I feel like people who profess to really liking brownies are those who tend to avoid sweets in general. I don’t know why they’ve picked the brownie as their patron saint. It’s brown, it’s square. It’s so Eisenhower-era.
Maybe it’s the social pressure: they know it’s weird to not like any desserts at all, so when in big groups they’ll buy the All-American brownie, hoping that will convince any suspicious onlookers that these perfect-teethed, lithe-figured sweet-haters are just like you and me.
Or maybe they like how non-committal the brownie is as a dessert: sorta chocolatey, sorta cakey…perfect for someone who generally feels a bit lost in the sweets world and just doesn’t know where to turn.
Now, I don’t have a problem with the normal brownie lovers of the world. But I really don’t get these people who will only indulge in brownies…and maybe the occasional chocolate chip cookie.
Here are a few examples of Brownie Eaters I know. They’re perfectly nice people, but the big scientific connection here is that they all have a very exclusive relationship with brownies and they’re all kinda weird.
Case 1: A boy I once dated who was named after a famous Mark Twain character and who had spent his formative years raised in a teepee. Those two facts made him very attractive. What didn’t was that he never wanted to get dessert when we went to restaurants. And when he did buy something sweet at the campus snack shop it was always a brownie. He also ate way too healthily, once scolding me because I wanted to have a cookie before lunch, which he said would ruin my appetite. (Anyone who says that eating a sweet will ruin your appetite clearly has their food priorities mixed up.)
Case 2: A Japanese friend in Tokyo who only has two food loves: 1) brownies, and 2) natto spaghetti, which is a very healthy but gross Japanese pasta dish in which stinky, fermented soy beans are massively gooped on top of noodles.
Case 3: A gamer friend of mine who caresses and takes his computer to bed with him, and who has gone on record as stating that he would “prefer to eat his own vomit” rather than consume any of the sweets I like…with the exception of brownies.
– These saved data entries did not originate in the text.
(* Let $\mathbf{H}$ be a finite commutative semihypergroup with states $e_1,\dots,e_n$ that is derived from a group. Then there exist an abelian group $G$ of order $n$ and an enumeration $G=\{g_1,\dots,g_n\}$ such that every matrix $A_i$ ($i=1,\dots,n$) is a linear combination of the matrices $G_1,\dots,G_n$ of the regular representation of $G$, where $G_l$ is the $n\times n$ permutation matrix with $(k,j)$ entry equal to $1$ if $g_l g_j=g_k$ and $0$ otherwise.
   Context: A finite commutative semihypergroup $\mathbf{H}$ with $n$ states $e_1,\dots,e_n$ is given by a convolution $e_i*e_j=\sum_{k=1}^n a_{i,j}(k)e_k$ ($i,j=1,\dots,n$), extended bilinearly, where $a_{i,j}(k)\ge 0$, $\sum_{k=1}^n a_{i,j}(k)=1$ for all $i,j$, the convolution is associative and commutative ($a_{i,j}(k)=a_{j,i}(k)$). Let $a_{i,j}\in\mathbb{R}^n$ denote the column vector $(a_{i,j}(1),\dots,a_{i,j}(n))^T$; let $A_i$ be the $n\times n$ matrix with columns $a_{i,1},\dots,a_{i,n}$ (so its $(k,j)$ entry is $a_{i,j}(k)$) and $B_i$ the matrix with columns $a_{1,i},\dots,a_{n,i}$. $\mathbf{H}$ is called derived from a group if it satisfies condition (A): the set $\{a_{i,j}: 1\le i,j\le n\}$ contains exactly $n$ distinct vectors, and for each $i$ the columns of $A_i$ are linearly independent and the columns of $B_i$ are linearly independent. *)

From HB Require Import structures.
From mathcomp Require Import all_boot all_order all_algebra all_fingroup.
Set Implicit Arguments. Unset Strict Implicit. Unset Printing Implicit Defensive.
Import Order.TTheory GRing.Theory Num.Theory.
Local Open Scope ring_scope.

(* Structure constants: a i j k = a_{i,j}(k), i.e. e_i * e_j = sum_k a i j k e_k. *)
Section HG.
Variables (R : realFieldType) (n : nat).
Variable a : 'I_n -> 'I_n -> 'I_n -> R.

Definition is_comm_semihypergroup : Prop :=
  [/\ (forall i j k, 0 <= a i j k),
      (forall i j, \sum_(k < n) a i j k = 1),
      (forall i j k, a i j k = a j i k) &
      (* associativity: (e_i * e_j) * e_l = e_i * (e_j * e_l) *)
      (forall i j l m, \sum_(k < n) a i j k * a k l m
                     = \sum_(k < n) a j l k * a i k m)].

Definition avec (i j : 'I_n) : 'cV[R]_n := \col_k a i j k.

Definition Amat (i : 'I_n) : 'M[R]_n := \matrix_(k, j) a i j k.
Definition Bmat (i : 'I_n) : 'M[R]_n := \matrix_(k, j) a j i k.

Definition cols_independent (M : 'M[R]_n) : bool := row_free M^T.

Definition derived_from_group : Prop :=
  [/\ size (undup [seq avec i j | i <- enum 'I_n, j <- enum 'I_n]) = n,
      (forall i, cols_independent (Amat i)) &
      (forall i, cols_independent (Bmat i))].
End HG.

Definition regmx (R : realFieldType) (n : nat) (gT : finGroupType) (g : 'I_n -> gT)
  (l : 'I_n) : 'M[R]_n :=
  \matrix_(k, j) (if (g l * g j)%g == g k then 1 else 0).

From HB Require Import structures.
From mathcomp Require Import all_boot all_order all_algebra all_fingroup.
Set Implicit Arguments. Unset Strict Implicit. Unset Printing Implicit Defensive.
Import Order.TTheory GRing.Theory Num.Theory.
Local Open Scope ring_scope.

(* Condition (A) says that the columns of every A_j, and of every B_j, run
   through the same n distinct vectors a_{i,j}.  Hence A_j = A_o P_j for a
   column permutation rho_j of a fixed invertible A_o.  Associativity and
   commutativity make the A_i commute, so every P_j commutes with every A_i
   and the rho_j commute with one another.  The group they generate is thus
   abelian, and it is transitive because the columns of B_o exhaust the
   vectors as well; an abelian transitive permutation group is regular.
   Naming each state x after the group element r_x that maps o to x, the
   invariance a_i(r_x y, r_x k) = a_i(y, k) yields A_i = sum_l a_{i,o}(l) G_l. *)

Lemma col_inj_row_free_tr (F : fieldType) m n (M : 'M[F]_(m, n)) :
  row_free M^T -> injective (fun j => col j M).
Proof.
move=> freeMt z z' /(congr1 trmx); rewrite !tr_col !rowE => /(row_free_inj freeMt).
move/matrixP/(_ 0 z); rewrite !mxE !eqxx /=.
by case: eqP => // _ /eqP; rewrite oner_eq0.
Qed.

Lemma inj_ord_codom_subset (T : eqType) n (s : seq T) (f : 'I_n -> T) :
  size s = n -> injective f -> (forall i, f i \in s) -> {subset s <= codom f}.
Proof.
move=> size_s inj_f f_s.
have uniq_f : uniq (codom f) by rewrite map_inj_uniq ?enum_uniq.
have sub_f : {subset codom f <= s} by move=> _ /codomP[i ->].
have [|_ eq_f] := uniq_min_size uniq_f sub_f; first by rewrite size_codom card_ord size_s.
by move=> x; rewrite eq_f.
Qed.

Lemma col_perm_inj (T : Type) m n (M : 'M[T]_(m, n)) :
  injective (fun j => col j M) -> injective (fun s => col_perm s M).
Proof.
move=> inj_col s t eq_st; apply/permP => y; apply: inj_col.
by rewrite -!col_colsub -!col_permEsub eq_st.
Qed.

Section AbelianTransitivePerm.
Variables (T : finType) (H : {group {perm T}}) (x0 : T) (r : T -> {perm T}).
Hypotheses (abH : abelian H) (r_in : forall x, r x \in H)
  (r_x0 : forall x, r x x0 = x).

Lemma abelian_transitive_perm_eq h h' :
  h \in H -> h' \in H -> h x0 = h' x0 -> h = h'.
Proof.
have commE h1 y : h1 \in H -> h1 y = r y (h1 x0).
  by move=> Hh1; rewrite -permM (centsP abH _ Hh1 _ (r_in y)) permM r_x0.
by move=> Hh Hh' eq_x0; apply/permP => y; rewrite commE // [RHS]commE // eq_x0.
Qed.

Lemma regular_subg_bij : bijective (fun x => subg H (r x)).
Proof.
exists (fun u : subg_of H => sgval u x0) => [x | u]; first by rewrite subgK.
apply: val_inj; rewrite /= subgK //.
by apply: abelian_transitive_perm_eq; rewrite ?subgP.
Qed.

Lemma regular_subg_mulE l j k :
  ((subg H (r l) * subg H (r j))%g == subg H (r k)) = (r j l == k).
Proof.
rewrite -val_eqE /= !subgK //; apply/eqP/eqP => [eq_lj | <-].
  by rewrite -(r_x0 k) -eq_lj permM r_x0.
by apply: abelian_transitive_perm_eq; rewrite ?groupM // permM !r_x0.
Qed.

End AbelianTransitivePerm.

Section CommutativeHypergroup.
Variables (R : realFieldType) (n : nat) (a : 'I_n -> 'I_n -> 'I_n -> R).
Hypotheses (a_comm : forall i j k, a i j k = a j i k)
  (a_assoc : forall i j l m,
     \sum_(k < n) a i j k * a k l m = \sum_(k < n) a j l k * a i k m).

Lemma Amat_mulE i j :
  Amat a i *m Amat a j = \matrix_(m, l) \sum_(k < n) a i j k * a k l m.
Proof.
apply/matrixP => m l; rewrite !mxE a_assoc.
by apply: eq_bigr => k _; rewrite !mxE mulrC.
Qed.

Lemma Amat_comm i j : Amat a i *m Amat a j = Amat a j *m Amat a i.
Proof.
rewrite !Amat_mulE; apply/matrixP => m l; rewrite !mxE.
by apply: eq_bigr => k _; rewrite a_comm.
Qed.

Variables (o : 'I_n) (rho : 'I_n -> {perm 'I_n}).
Hypotheses (Ao_unit : Amat a o \in unitmx)
  (Amat_rho : forall j, Amat a j = col_perm (rho j) (Amat a o)).

Lemma Amat_col_row_perm i j :
  col_perm (rho j) (Amat a i) = row_perm (rho j)^-1 (Amat a i).
Proof.
have Aj : Amat a j = Amat a o *m perm_mx (rho j)^-1 by rewrite Amat_rho col_permE.
apply: (can_inj (mulKmx Ao_unit)).
rewrite col_permE row_permE mulmxA (Amat_comm o i) -mulmxA -Aj.
by rewrite Amat_comm Aj mulmxA.
Qed.

Lemma a_rho_invariant i j y k : a i (rho j y) (rho j k) = a i y k.
Proof.
have /matrixP/(_ (rho j k) y) := Amat_col_row_perm i j.
by rewrite !mxE permK.
Qed.

Lemma rho_commute i j : commute (rho i) (rho j).
Proof.
have inj_col : injective (fun k => col k (Amat a o)).
  by apply: col_inj_row_free_tr; rewrite row_free_unit unitmx_tr.
apply: (col_perm_inj inj_col).
rewrite !col_permM -!Amat_rho Amat_col_row_perm (Amat_rho j).
by rewrite -col_row_permC -Amat_col_row_perm -Amat_rho.
Qed.

End CommutativeHypergroup.

Lemma Amat_sum_perm (R : realFieldType) n (a : 'I_n -> 'I_n -> 'I_n -> R) i o
    (r : 'I_n -> {perm 'I_n}) :
    (forall x, r x o = x) -> (forall x y k, a i (r x y) (r x k) = a i y k) ->
  Amat a i = \sum_(l < n) a i o l *: \matrix_(k, j) (if r j l == k then 1 else 0).
Proof.
move=> r_o a_r; apply/matrixP => k j; rewrite summxE mxE.
under eq_bigr do rewrite !mxE.
rewrite (bigD1 ((r j)^-1%g k)) //= permKV eqxx mulr1 big1 ?addr0.
  by rewrite -(a_r j o) r_o permKV.
move=> l /eqP ne_l; case: eqP => [eq_l | _]; last by rewrite mulr0.
by case: ne_l; rewrite -eq_l permK.
Qed.

Section DerivedFromGroup.
Variables (R : realFieldType) (n : nat) (a : 'I_n -> 'I_n -> 'I_n -> R).
Hypothesis a_derived : derived_from_group a.

Lemma col_Amat i j : col j (Amat a i) = avec a i j.
Proof. by apply/matrixP => k l; rewrite !mxE. Qed.

Lemma col_Bmat i j : col j (Bmat a i) = avec a j i.
Proof. by apply/matrixP => k l; rewrite !mxE. Qed.

Lemma avec_inj_r i : injective (avec a i).
Proof.
case: a_derived => _ A_free _ j j'; rewrite -!col_Amat.
exact: col_inj_row_free_tr (A_free i) j j'.
Qed.

Lemma avec_inj_l j : injective (fun i => avec a i j).
Proof.
case: a_derived => _ _ B_free i i'; rewrite /= -!col_Bmat.
exact: col_inj_row_free_tr (B_free j) i i'.
Qed.

Lemma avec_in_codom_l i j k : avec a i j \in codom (fun i' => avec a i' k).
Proof.
case: a_derived => size_states _ _.
apply: (inj_ord_codom_subset size_states (@avec_inj_l k)) => [i'|];
  by rewrite mem_undup; apply: allpairs_f; rewrite mem_enum.
Qed.

Lemma avec_in_codom_r i j k : avec a i j \in codom (avec a k).
Proof.
case: a_derived => size_states _ _.
apply: (inj_ord_codom_subset size_states (@avec_inj_r k)) => [i'|];
  by rewrite mem_undup; apply: allpairs_f; rewrite mem_enum.
Qed.

Lemma Amat_unit i : Amat a i \in unitmx.
Proof.
by case: a_derived => _ A_free _; rewrite -unitmx_tr -row_free_unit; apply: A_free.
Qed.

Variable o : 'I_n.

Lemma exists_col_perm_Amat :
  exists rho : 'I_n -> {perm 'I_n}, forall j, Amat a j = col_perm (rho j) (Amat a o).
Proof.
pose f j y := iinv (avec_in_codom_r j y o).
have f_inj j : injective (f j).
  move=> y y' /(congr1 (avec a o)) eq_f; apply: (@avec_inj_r j).
  by rewrite -(f_iinv (avec_in_codom_r j y o)) -(f_iinv (avec_in_codom_r j y' o)).
exists (fun j => perm (f_inj j)) => j; apply/matrixP => k y; rewrite !mxE permE.
by have /matrixP/(_ k 0) := f_iinv (avec_in_codom_r j y o); rewrite !mxE.
Qed.

Lemma col_perm_Amat_transitive (rho : 'I_n -> {perm 'I_n}) :
  (forall j, Amat a j = col_perm (rho j) (Amat a o)) -> forall x, exists i, rho i o = x.
Proof.
move=> Amat_rho x; have /codomP[i eq_i] := avec_in_codom_l o x o.
exists i; apply: (@avec_inj_r o).
by rewrite -col_Amat -col_colsub -col_permEsub -Amat_rho col_Amat.
Qed.

End DerivedFromGroup.

Theorem corollary4 (R : realFieldType) (n : nat) (a : 'I_n -> 'I_n -> 'I_n -> R) :
  (0 < n)%N ->
  is_comm_semihypergroup a ->
  derived_from_group a ->
  exists (gT : finGroupType) (g : 'I_n -> gT),
    [/\ abelian [set: gT], #|gT| = n, bijective g &
        forall i : 'I_n, exists c : 'I_n -> R,
          Amat a i = \sum_(l < n) c l *: regmx R g l].
Proof.
move=> n_gt0 [_ _ a_comm a_assoc] a_derived; pose o := Ordinal n_gt0.
have [rho Amat_rho] := exists_col_perm_Amat a_derived o.
have Ao_unit := Amat_unit a_derived o.
have rho_comm := rho_commute a_comm a_assoc Ao_unit Amat_rho.
have a_rho := a_rho_invariant a_comm a_assoc Ao_unit Amat_rho.
pose H := <<[set rho i | i : 'I_n]>>%G.
have abH : abelian H.
  rewrite abelian_gen; apply/centsP => _ /imsetP[i _ ->] _ /imsetP[j _ ->].
  exact: rho_comm.
have /fin_all_exists[ix ixE] := col_perm_Amat_transitive a_derived Amat_rho.
pose r x := rho (ix x).
have r_in x : r x \in H by apply: mem_gen; apply: imset_f.
have g_bij := regular_subg_bij abH r_in ixE.
exists (subg_of H), (fun x => subg H (r x)); split=> //.
- by rewrite -(isog_abelian (isog_subg H)).
- by rewrite -(bij_eq_card g_bij) card_ord.
move=> i; exists (a i o); rewrite (Amat_sum_perm ixE (fun x => a_rho i (ix x))).
apply: eq_bigr => l _; congr (_ *: _); apply/matrixP => k j.
by rewrite !mxE (regular_subg_mulE abH r_in ixE).
Qed.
Case 4: A former co-worker who used to sing Kylie Minogue songs while Power Pointing, and who was always going on and on about either 1) his mother, or 2) having to watch his figure. Big Brownie lover.
I know, I know, the proof could be better. But I’m just giving you all a heads-up about this. The next time someone goes on about loving brownies just give them a hard stare in the eyes—what do they mean when they say they like brownies?
***P.S. I'd be more than happy to participate if anyone wants to offer up an edible defense of the brownie.